##### SUPPLIED MATERIAL
(* For every prime power $q$ and every integer $h\geq 2$, there exists a $2$-fold blocking set of size $2(q^h+q^{h-1}+1)$ in $\mathrm{PG}(2,q^h)$.
   Context: A $2$-fold blocking set is a point set meeting every line in at least $2$ points. *)

(* The projective plane PG(2,F) over a finite field F,
   modelled via the row-space theory of mxalgebra: a point is a
   1-dimensional subspace of F^3, a line a 2-dimensional subspace,
   each represented canonically by its generated matrix <<A>>%MS. *)
From HB Require Import structures.
From mathcomp Require Import all_boot all_order all_algebra.
Set Implicit Arguments. Unset Strict Implicit. Unset Printing Implicit Defensive.
Import GRing.Theory.
Local Open Scope ring_scope.

Definition is_prime_power (q : nat) : Prop :=
  exists p k : nat, prime p /\ (0 < k)%N /\ q = (p ^ k)%N.

Definition PG2_points (F : finFieldType) : {set 'M[F]_3} :=
  [set <<A>>%MS | A : 'M[F]_3 & \rank A == 1%N].

Definition PG2_lines (F : finFieldType) : {set 'M[F]_3} :=
  [set <<A>>%MS | A : 'M[F]_3 & \rank A == 2%N].

Definition PG2_incident (F : finFieldType) (P L : 'M[F]_3) : bool :=
  (P <= L)%MS.

Definition t_fold_blocking_set (F : finFieldType) (t : nat) (B : {set 'M[F]_3}) : Prop :=
  B \subset PG2_points F /\
  forall L, L \in PG2_lines F -> (t <= #|[set P in B | PG2_incident P L]|)%N.

(* Write Q = q^h and let T be the trace from GF(Q) onto GF(q).  The points
   <(x, T x, t)>, x in GF(Q), t in GF(q), form a blocking set B1: a line is
   the kernel of a linear form, and two of the 2Q vectors (x, T x, b) with
   b in {0, 1} take the same value on it, so their difference lies on the line.
   Normalising coordinates shows |B1| <= Q + Q/q + 1.  The same argument
   applies to B2 = {<(t, G z + alpha t, z)>} with G z = rho z + alpha T(beta z);
   for alpha, rho, beta chosen by counting fibres of T, no point of B2 lies in
   B1.  So the union of B1 and B2 is a 2-fold blocking set of at most
   2(Q + Q/q + 1) points, and adding further points keeps it 2-fold blocking. *)
From HB Require Import structures.
From mathcomp Require Import all_boot all_order all_algebra all_field.
From mathcomp Require Import ring zify.
Set Implicit Arguments. Unset Strict Implicit. Unset Printing Implicit Defensive.
Import GRing.Theory.
Local Open Scope ring_scope.

Lemma card_bigcup_leq (I T : finType) (P : {pred I}) (A : I -> {set T}) :
  (#|\bigcup_(i in P) A i| <= \sum_(i in P) #|A i|)%N.
Proof.
apply: (big_rec2 (fun (U : {set T}) n => #|U| <= n)%N); first by rewrite cards0.
by move=> i U n _ leUn; rewrite (leq_trans (leq_card_setU _ _)) ?leq_add2l.
Qed.

Lemma exists_set_between (T : finType) (A C : {set T}) n :
  A \subset C -> (#|A| <= n <= #|C|)%N ->
  exists B : {set T}, [/\ A \subset B, B \subset C & #|B| = n].
Proof.
move=> sAC; elim: n => [|n IHn] /andP[leAn lenC].
  by exists A; split=> //; apply/eqP; rewrite -leqn0.
have [eqAn | ltAn] := eqVneq #|A| n.+1; first by exists A.
have [|B [sAB sBC cardB]] := IHn; first by apply/andP; split; lia.
have [x /setDP[xC xB]] : exists x, x \in C :\: B.
  by apply/set0Pn; rewrite -card_gt0 cardsD (setIidPr sBC) cardB subn_gt0.
exists (x |: B); split; first exact: subset_trans sAB (subsetUr _ _).
  by rewrite subUset sub1set xC.
by rewrite cardsU1 xB cardB.
Qed.

Lemma card_roots_lt (R : finIdomainType) (p : {poly R}) :
  p != 0 -> (#|[pred x | root p x]| < size p)%N.
Proof.
move=> p_neq0; rewrite cardE max_poly_roots ?enum_uniq //.
by apply/allP => x; rewrite mem_enum.
Qed.

Section ProjectivePlane.
Variable F : finFieldType.

Definition vec3 (a b c : F) : 'rV[F]_3 := \row_(j < 3) [:: a; b; c]`_j.

Lemma vec3_inj a b c a' b' c' :
  vec3 a b c = vec3 a' b' c' -> [/\ a = a', b = b' & c = c'].
Proof.
move=> /rowP eq_v; have := eq_v 0; have := eq_v 1; have := eq_v 2%:R.
by rewrite !mxE => ? ? ?.
Qed.

Lemma scale_vec3 k a b c : k *: vec3 a b c = vec3 (k * a) (k * b) (k * c).
Proof. by apply/rowP => i; rewrite !mxE; case: i => -[|[|[|]]]. Qed.

Lemma vec3B a b c a' b' c' :
  vec3 a b c - vec3 a' b' c' = vec3 (a - a') (b - b') (c - c').
Proof. by apply/rowP => i; rewrite !mxE; case: i => -[|[|[|]]]. Qed.

Lemma vec3_eq0 a b c : (vec3 a b c == 0) = [&& a == 0, b == 0 & c == 0].
Proof.
have -> : 0 = vec3 0 0 0 :> 'rV[F]_3.
  by apply/rowP => i; rewrite !mxE; case: i => -[|[|[|]]].
by apply/eqP/and3P => [/vec3_inj[-> -> ->] | [/eqP-> /eqP-> /eqP->]].
Qed.

Lemma genmx_vec3P a b c a' b' c' :
  <<vec3 a b c>>%MS = <<vec3 a' b' c'>>%MS ->
  exists k, [/\ a = k * a', b = k * b' & c = k * c'].
Proof.
move=> /genmxP/andP[/sub_rVP[k]]; rewrite scale_vec3 => /vec3_inj ? _.
by exists k.
Qed.

Lemma genmx_scale k (v : 'rV[F]_3) : k != 0 -> <<k *: v>>%MS = <<v>>%MS.
Proof. by move=> k_neq0; apply/eq_genmx/eqmx_scale. Qed.

Lemma genmx_PG2_point (v : 'rV[F]_3) : v != 0 -> <<v>>%MS \in PG2_points F.
Proof.
move=> v_neq0; apply/imsetP; exists <<v>>%MS; last by rewrite genmx_id.
by rewrite inE mxrank_gen rank_rV v_neq0.
Qed.

Lemma PG2_incident_genmx (v : 'rV[F]_3) L : PG2_incident <<v>>%MS L = (v <= L)%MS.
Proof. by rewrite /PG2_incident genmxE. Qed.

Lemma card_PG2_points : (#|F| ^ 2 <= #|PG2_points F|)%N.
Proof.
pose P (u : F * F) := <<vec3 u.1 u.2 1>>%MS.
have P_inj : injective P.
  move=> [a b] [a' b']; rewrite /P /= => /genmx_vec3P[k [-> -> /esym]].
  by rewrite mulr1 => ->; rewrite !mul1r.
rewrite -mulnn -card_prod -cardsT -(card_imset _ P_inj) subset_leq_card //.
apply/subsetP => _ /imsetP[u _ ->]; apply: genmx_PG2_point.
by rewrite vec3_eq0 oner_eq0 !andbF.
Qed.

Lemma PG2_line_kernel L : L \in PG2_lines F ->
  exists r (c : 'M[F]_(3, r)), #|{: 'M[F]_(1, r)}| = #|F| /\
    forall w : 'rV[F]_3, (w <= L)%MS = (w *m c == 0).
Proof.
case/imsetP=> A; rewrite inE => /eqP rankA ->; set C := cokermx <<A>>%MS.
have rankC : \rank C = 1%N by rewrite mxrank_coker mxrank_gen rankA.
exists (\rank C), (col_base C); split; first by rewrite card_mx rankC.
move=> w; rewrite submxE -/C.
have -> : w *m C = w *m col_base C *m row_base C by rewrite -mulmxA mulmx_base.
apply/eqP/eqP => [|->]; last by rewrite mul0mx.
by rewrite -(mul0mx _ (row_base C)) => /(row_free_inj (row_base_free C)).
Qed.

Lemma t_fold_blocking_setS t (A B : {set 'M[F]_3}) :
  t_fold_blocking_set t A -> A \subset B -> B \subset PG2_points F ->
  t_fold_blocking_set t B.
Proof.
move=> [_ blockA] sAB sBP; split=> // L /blockA /leq_trans-> //.
by apply/subset_leq_card/subsetP => P; rewrite !inE => /andP[/(subsetP sAB)-> ->].
Qed.

Lemma t_fold_blocking_setU s t (A B : {set 'M[F]_3}) :
  t_fold_blocking_set s A -> t_fold_blocking_set t B -> [disjoint A & B] ->
  t_fold_blocking_set (s + t) (A :|: B).
Proof.
move=> [sAP blockA] [sBP blockB] disjAB; split; first by rewrite subUset sAP.
move=> L L_line; rewrite setIdE setIUl cardsU setIACA setIid.
by rewrite (disjoint_setI0 disjAB) set0I cards0 subn0 -!setIdE leq_add ?blockA ?blockB.
Qed.

Definition param_points (V : F * F -> 'rV[F]_3) (S : {pred F}) : {set 'M[F]_3} :=
  [set <<V u>>%MS | u : F * F & (u.2 \in S) && (V u != 0)].

Lemma param_points_blocking V S :
  {morph V : u v / u - v} -> injective V -> 0 \in S -> 1 \in S -> -1 \in S ->
  t_fold_blocking_set 1 (param_points V S).
Proof.
move=> VB V_inj S0 S1 SN1; split.
  apply/subsetP => P /imsetP[u]; rewrite inE => /andP[_ Vu_neq0] ->.
  exact: genmx_PG2_point.
move=> L /PG2_line_kernel[r [c [card_r ker_c]]].
pose g (u : F * bool) := V (u.1, u.2%:R) *m c.
have /injectivePn[[x b] [[x' b'] neq_u eq_g]] : ~~ injectiveb g.
  apply/injectiveP => /leq_card; rewrite card_r card_prod card_bool muln2 -addnn.
  rewrite -[X in (_ <= X)%N]addn0 leq_add2l leqn0; apply/negP; rewrite -lt0n.
  by apply/card_gt0P; exists 0.
have u2S : b%:R - b'%:R \in S.
  by case: b b' {neq_u eq_g} => -[]; rewrite ?subrr ?subr0 ?sub0r.
pose u : F * F := (x, b%:R) - (x', b'%:R).
have V0 : V 0 = 0 by rewrite -[0]subr0 VB subrr.
have Vu_neq0 : V u != 0.
  rewrite -V0; apply: contra_neq neq_u => /V_inj /eqP.
  rewrite subr_eq0 xpair_eqE => /andP[/eqP-> ].
  by case: b b' {eq_g u u2S} => -[]; rewrite //= ?oner_eq0 // eq_sym oner_eq0.
rewrite card_gt0; apply/set0Pn; exists <<V u>>%MS; rewrite inE PG2_incident_genmx ker_c.
apply/andP; split; first by apply/imsetP; exists u; rewrite ?inE ?u2S.
by rewrite VB mulmxBl subr_eq0; apply/eqP; exact: eq_g.
Qed.

End ProjectivePlane.

Section Trace.
Variables (F : finFieldType) (q h : nat).
Hypothesis q_pchar : [pchar F].-nat q.
Hypothesis cardF : #|F| = (q ^ h)%N.
Hypothesis h_gt1 : (1 < h)%N.

Lemma q_gt1 : (1 < q)%N.
Proof.
have [q_gt0 _] := andP q_pchar; rewrite ltn_neqAle q_gt0 andbT eq_sym.
by apply: contraTneq (card_finNzRing_gt1 F) => q1; rewrite cardF q1 exp1n.
Qed.

Lemma exprD_q i (x y : F) : (x + y) ^+ (q ^ i) = x ^+ (q ^ i) + y ^+ (q ^ i).
Proof. by apply: exprDn_pchar; rewrite pnatX q_pchar. Qed.

Lemma exprB_q i (x y : F) : (x - y) ^+ (q ^ i) = x ^+ (q ^ i) - y ^+ (q ^ i).
Proof. by rewrite -[in RHS](subrK y x) (exprD_q i (x - y) y) addrK. Qed.

Definition Fq : {pred F} := [pred x | x ^+ q == x].

Lemma Fq_divring_closed : divring_closed Fq.
Proof.
split=> [|x y|x y]; rewrite !inE ?expr1n // => /eqP xq /eqP yq.
  by have := exprB_q 1 x y; rewrite expn1 xq yq => ->.
by rewrite exprMn exprVn xq yq.
Qed.

HB.instance Definition _ := GRing.isDivringClosed.Build F Fq Fq_divring_closed.

Lemma Fq_expq k i : k \in Fq -> k ^+ (q ^ i) = k.
Proof.
move=> /eqP kq; elim: i => [|i IHi]; first by rewrite expn0 expr1.
by rewrite expnSr exprM IHi kq.
Qed.

Lemma card_Fq : (#|Fq| <= q)%N.
Proof.
have size_p : size ('X^q - 'X : {poly F}) = q.+1.
  by rewrite size_polyDl size_polyXn // size_polyN size_polyX ltnS q_gt1.
have p_neq0 : 'X^q - 'X != 0 :> {poly F} by rewrite -size_poly_eq0 size_p.
rewrite -ltnS -size_p (leq_trans _ (card_roots_lt p_neq0)) // ltnS.
by apply/subset_leq_card/subsetP => x; rewrite !inE /root !hornerE subr_eq0.
Qed.

Definition trace (x : F) : F := \sum_(i < h) x ^+ (q ^ i).

Lemma traceB x y : trace (x - y) = trace x - trace y.
Proof. by rewrite /trace -sumrB; apply: eq_bigr => i _; rewrite exprB_q. Qed.

Lemma trace0 : trace 0 = 0.
Proof. by have := traceB 0 0; rewrite subrr => ->; rewrite subrr. Qed.

Lemma traceN x : trace (- x) = - trace x.
Proof. by rewrite -sub0r traceB trace0 sub0r. Qed.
##########
## ASSIGNMENT
Read through the lines above and collect those that contain the string "cardF".

## REPLY TO THE TASK
Hypothesis cardF : #|F| = (q ^ h)%N.
by apply: contraTneq (card_finNzRing_gt1 F) => q1; rewrite cardF q1 exp1n.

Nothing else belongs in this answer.